Haruskah Kaya Untuk Mendapat Ilmu?

8 Dzulhijjah 1330 H/ 18 November 1912 M menjadi saksi dimana lahirnya sebuah organisasi muda dengan semangat dakwah Amar Makruf Nahi Munkar yang oleh pendirinya Muhammad Darwis diberi nama Muhammadiyah, yang berarti pengikut Nabi Muhammad SAW. Kini, semenjak Muktamar terakhir di Makassar telah berumur lebih dari satu abad dan tetap kokoh menancapkan asas kebermanfaatannya keseluruh umat Islam pada khususnya dan bangsa Indonesia serta dunia pada umumnya, demi mewujudkan Islam yang rahmatan lil alamain.

Semangat Muhammadiyah untuk menjadikan Islam sebagai rahmat bagi alam semesta ini direalisasikan dalam amal usaha-amal usaha yang besar dan terus berkembang pesat secara kuantitas, baik bidang kesehatan, bidang sosial maupun bidang pendidikan seperti yang saat ini kita berada didalamnya (Universitas Muhammadiyah Surakarta).
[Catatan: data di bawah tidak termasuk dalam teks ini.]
(* Let $P,P'\subset\mathbb{R}^d$ be polytopes, each inscribed into a sphere centered at the origin, with the same normal fan $\mathcal{N}(P)=\mathcal{N}(P')$. If some point $v$ is a vertex of both $P$ and $P'$ with the same normal cone $N_vP=N_vP'$, then $P=P'$. That is, an inscribed polytope with inscribing sphere centered at the origin is completely determined by its normal fan and a single vertex.
   Context: For a polytope $P$ and $c\in\mathbb{R}^d$, $P^c$ is the face maximizing $\langle c,x\rangle$. The normal cone of a face $F$ is $N_FP=\{c: F\subseteq P^c\}$; the normal fan $\mathcal{N}(P)$ is the collection of all normal cones of faces of $P$. *)

From HB Require Import structures.
From mathcomp Require Import all_boot all_order all_algebra.
From mathcomp Require Import boolp classical_sets reals.
Set Implicit Arguments. Unset Strict Implicit. Unset Printing Implicit Defensive.
Import Order.TTheory GRing.Theory Num.Theory.
Local Open Scope ring_scope.
Local Open Scope classical_set_scope.

Section Polytopes.
Variables (R : realType) (d : nat).
Notation pt := 'rV[R]_d.

Definition dotv (c x : pt) : R := \sum_(i < d) c 0 i * x 0 i.

Definition conv (V : seq pt) : set pt :=
  [set x | exists w : 'I_(size V) -> R,
     [/\ forall i, 0 <= w i, \sum_i w i = 1 & x = \sum_i w i *: V`_i]].

Definition is_polytope (P : set pt) : Prop := exists V : seq pt, P = conv V.

Definition face_max (P : set pt) (c : pt) : set pt :=
  [set x | P x /\ forall y, P y -> dotv c y <= dotv c x].

Definition is_face (P : set pt) (F : set pt) : Prop := exists c, F = face_max P c.

Definition normal_cone (P : set pt) (F : set pt) : set pt :=
  [set c | F `<=` face_max P c].

Definition normal_fan (P : set pt) : set (set pt) :=
  [set N | exists F, is_face P F /\ N = normal_cone P F].

Definition is_vertex (P : set pt) (v : pt) : Prop :=
  exists c, face_max P c = [set v].

(* inscribed in a sphere centered at the origin: all vertices have the same
   (squared) Euclidean norm *)
Definition inscribed0 (P : set pt) : Prop :=
  exists r : R, forall v, is_vertex P v -> dotv v v = r.

End Polytopes.

(* Equal normal fans make the vertices of P and P' correspond (a vector
   exposing a vertex of one polytope exposes a vertex of the other), and make
   corresponding edges parallel.  Let c0 expose the common vertex v.  Every
   other vertex u of P has an edge [u, w] to a vertex w higher in direction c0,
   and by induction w is also the corresponding vertex of P'.  The vertex u' of
   P' corresponding to u then lies on the line through w parallel to [u, w]
   and, like u, on the sphere through w centered at the origin; that line
   meets the sphere only in w and one other point, so u' = u.  Thus every
   vertex of P lies in P', whence P is contained in P' by separation, and P'
   in P by symmetry. *)

From mathcomp Require Import all_boot all_order all_algebra.
From mathcomp Require Import boolp classical_sets reals.
From mathcomp Require Import ring lra.
Set Implicit Arguments. Unset Strict Implicit. Unset Printing Implicit Defensive.
Import Order.TTheory GRing.Theory Num.Theory.
Local Open Scope ring_scope.
Local Open Scope classical_set_scope.

Section DotProduct.
Variables (R : realType) (m : nat).
Implicit Types (c e h w x y z : 'rV[R]_m).

Lemma dotvC c x : dotv c x = dotv x c.
Proof. by apply: eq_bigr => i _; rewrite mulrC. Qed.

Lemma dotvDr c x y : dotv c (x + y) = dotv c x + dotv c y.
Proof. by rewrite /dotv -big_split; apply: eq_bigr => i _; rewrite mxE mulrDr. Qed.

Lemma dotvZr c (k : R) x : dotv c (k *: x) = k * dotv c x.
Proof. by rewrite /dotv mulr_sumr; apply: eq_bigr => i _; rewrite mxE mulrCA. Qed.

Lemma dotvDl c x y : dotv (x + y) c = dotv x c + dotv y c.
Proof. by rewrite dotvC dotvDr !(dotvC c). Qed.

Lemma dotvZl c (k : R) x : dotv (k *: x) c = k * dotv x c.
Proof. by rewrite dotvC dotvZr dotvC. Qed.

Lemma dotvNr c x : dotv c (- x) = - dotv c x.
Proof. by rewrite -scaleN1r dotvZr mulN1r. Qed.

Lemma dotvBr c x y : dotv c (x - y) = dotv c x - dotv c y.
Proof. by rewrite dotvDr dotvNr. Qed.

Lemma dotvBl c x y : dotv (x - y) c = dotv x c - dotv y c.
Proof. by rewrite !(dotvC _ c) dotvBr. Qed.

Lemma dotv0r c : dotv c 0 = 0.
Proof. by rewrite -(subrr c) dotvBr subrr. Qed.

Lemma dotv0l c : dotv 0 c = 0.
Proof. by rewrite dotvC dotv0r. Qed.

Lemma dotv_sumZr c n (w : 'I_n -> R) (F : 'I_n -> 'rV[R]_m) :
  dotv c (\sum_i w i *: F i) = \sum_i w i * dotv c (F i).
Proof.
elim/big_rec2: _ => [|i y1 y2 _ <-]; first exact: dotv0r.
by rewrite dotvDr dotvZr.
Qed.

Lemma dotvv_ge0 x : 0 <= dotv x x.
Proof. by apply: sumr_ge0 => i _; rewrite -expr2 sqr_ge0. Qed.

Lemma dotvv_eq0 x : (dotv x x == 0) = (x == 0).
Proof.
apply/eqP/eqP => [x0|->]; last exact: dotv0r.
apply/rowP => i; rewrite mxE; apply/eqP; rewrite -[_ == 0]orbb -mulf_eq0; apply/eqP.
by apply: (psumr_eq0P _ x0) => // j _; rewrite -expr2 sqr_ge0.
Qed.

Lemma dotvv_gt0 x : (0 < dotv x x) = (x != 0).
Proof. by rewrite lt_def dotvv_eq0 dotvv_ge0 andbT. Qed.

Lemma dotvvB x y : dotv (x - y) (x - y) = dotv x x - 2 * dotv x y + dotv y y.
Proof. by rewrite !dotvBl !dotvBr (dotvC y x); ring. Qed.

Lemma dotv_le_dotvv x y : dotv y y <= dotv x x -> dotv x y <= dotv x x.
Proof. by move=> yx; have := dotvv_ge0 (x - y); rewrite dotvvB; lra. Qed.

Lemma dotv_eq_dotvv x y : dotv y y <= dotv x x -> dotv x x <= dotv x y -> y = x.
Proof.
move=> yx xy; apply/esym/eqP; rewrite -subr_eq0 -dotvv_eq0 eq_le dotvv_ge0 andbT.
by rewrite dotvvB; lra.
Qed.

Lemma orthogonal_colinear e z : e != 0 ->
  (forall h, dotv h e = 0 -> dotv h z = 0) -> z = (dotv z e / dotv e e) *: e.
Proof.
rewrite -dotvv_gt0 => e0 ortho; set k := _ / _.
have ze : dotv (z - k *: e) e = 0 by rewrite dotvBl dotvZl divfK ?subrr ?gt_eqF.
apply/eqP; rewrite -subr_eq0 -dotvv_eq0; apply/eqP.
by rewrite dotvBr dotvZr ze mulr0 subr0 ortho.
Qed.

Lemma sphere_line_eq w e (s t : R) : s != 0 -> t != 0 ->
  dotv (w + s *: e) (w + s *: e) = dotv w w -> dotv (w + t *: e) (w + t *: e) = dotv w w ->
  w + s *: e = w + t *: e.
Proof.
have root r : r != 0 -> dotv (w + r *: e) (w + r *: e) = dotv w w ->
    r * dotv e e = - (2 * dotv w e).
  move=> r0; rewrite !dotvDl !dotvDr !dotvZl !dotvZr (dotvC e w).
  have -> : dotv w w + r * dotv w e + (r * dotv w e + r * (r * dotv e e)) =
    dotv w w + r * (2 * dotv w e + r * dotv e e) by ring.
  rewrite -{2}[dotv w w]addr0 => /addrI /eqP; rewrite mulf_eq0 (negbTE r0) /=.
  by rewrite addr_eq0 => /eqP ->; rewrite opprK.
move=> s0 t0 /(root _ s0) es /(root _ t0); rewrite -es => /eqP.
have [->|e0] := eqVneq e 0; first by rewrite !scaler0.
by rewrite (inj_eq (mulIf _)) ?dotvv_eq0 // => /eqP ->.
Qed.

Lemma dotv_row_mx m1 m2 (c1 x1 : 'rV[R]_m1) (c2 x2 : 'rV[R]_m2) :
  dotv (row_mx c1 c2) (row_mx x1 x2) = dotv c1 x1 + dotv c2 x2.
Proof.
by rewrite /dotv big_split_ord; congr (_ + _); apply: eq_bigr => i _;
  rewrite ?row_mxEl ?row_mxEr.
Qed.

End DotProduct.

Section Farkas.
Variables (R : realType) (m : nat).
Local Notation vec := 'rV[R]_m.

Definition in_cone n (a : 'I_n -> vec) (b : vec) : Prop :=
  exists2 l : 'I_n -> R, forall i, 0 <= l i & b = \sum_i l i *: a i.

Lemma in_cone_recl n (a : 'I_n.+1 -> vec) b k : 0 <= k ->
  in_cone (fun i => a (lift ord0 i)) (b - k *: a ord0) -> in_cone a b.
Proof.
move=> k0 [l l0 E]; exists (fun i => if unlift ord0 i is Some j then l j else k).
  by move=> i; case: unliftP.
rewrite big_ord_recl unlift_none; under eq_bigr do rewrite liftK.
by rewrite -E addrC subrK.
Qed.

(* Fourier-Motzkin elimination of the generator [a ord0]. *)
Lemma in_cone_eliminate n (a : 'I_n.+1 -> vec) b c :
  let beta := dotv c (a ord0) in let p i := dotv c (a (lift ord0 i)) in
  0 < beta -> (forall i, p i <= 0) -> 0 < dotv c b ->
  in_cone (fun i => beta *: a (lift ord0 i) - p i *: a ord0) (beta *: b - dotv c b *: a ord0) ->
  in_cone a b.
Proof.
move=> beta p beta0 p0 cb0 [l l0 E].
have lp0 : \sum_i l i * p i <= 0 by apply: sumr_le0 => i _; rewrite mulr_ge0_le0.
apply: (@in_cone_recl _ _ _ ((dotv c b - \sum_i l i * p i) / beta)).
  by apply: divr_ge0; rewrite ?subr_ge0 ?(le_trans lp0) ?ltW.
exists l => //; apply: (scalerI (lt0r_neq0 beta0)).
rewrite scalerBr scalerA mulrCA divff ?lt0r_neq0 // mulr1 scalerBl opprB addrCA E.
rewrite scaler_suml scaler_sumr -big_split; apply: eq_bigr => i _ /=.
by rewrite scalerBr !scalerA addrC subrK mulrC.
Qed.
Akan tetapi memasuki abad kedua ini, Muhammadiyah jelas menghadapi berbagai dinamika seperti yang dijelaskan oleh ayahanda kita Haedar Nashir dalam bukunya yang berjudul “Memahami Ideologi Muhammadiyah”.

Dalam bab pertama buku ini, beliau menjelaskan tentang situasi yang akan dihadapi Muhammadiyah dengan segala kondisi objektif dalam bentuk kekuatan kelemahan, peluang dan ancaman. Tanpa mengurangi rasa hormat penulis terhadap kekuatan dan peluang yang dimiliki oleh Muhammadiyah, dalam aspek kelemahan poin 3 dijelaskan bahwa salah satu kelemahan yang perlu dijadikan koreksi oleh Muhammadiyah adalah pertumbuhan organisasi yang semakin besar membuat Muhammadiyah cenderung birokratis dan lamban dalam menghadapi persoalan-persoalan yang berkembang dimasyarakat.

Demikian halnya dengan aspek ancaman pada poin 3 dijelaskan pula bahwa cengkraman kapitalisme global yang berdampak pada pembangunan dan orientasi kehidupan yang serba berlandaskan pada profit eksploitasi dan memuja materi maupun kesenangan duniawi. Hal ini ditakutkan akan berpengaruh terhadap pengembangan Amal Usaha Muhammadiyah yang cenderung berorientasi profit dan menjauh dari teologi atau ideologi Al-Ma’un sebagaimana gerakan awal Penolong Kesengsaraan Oemoem (PKO).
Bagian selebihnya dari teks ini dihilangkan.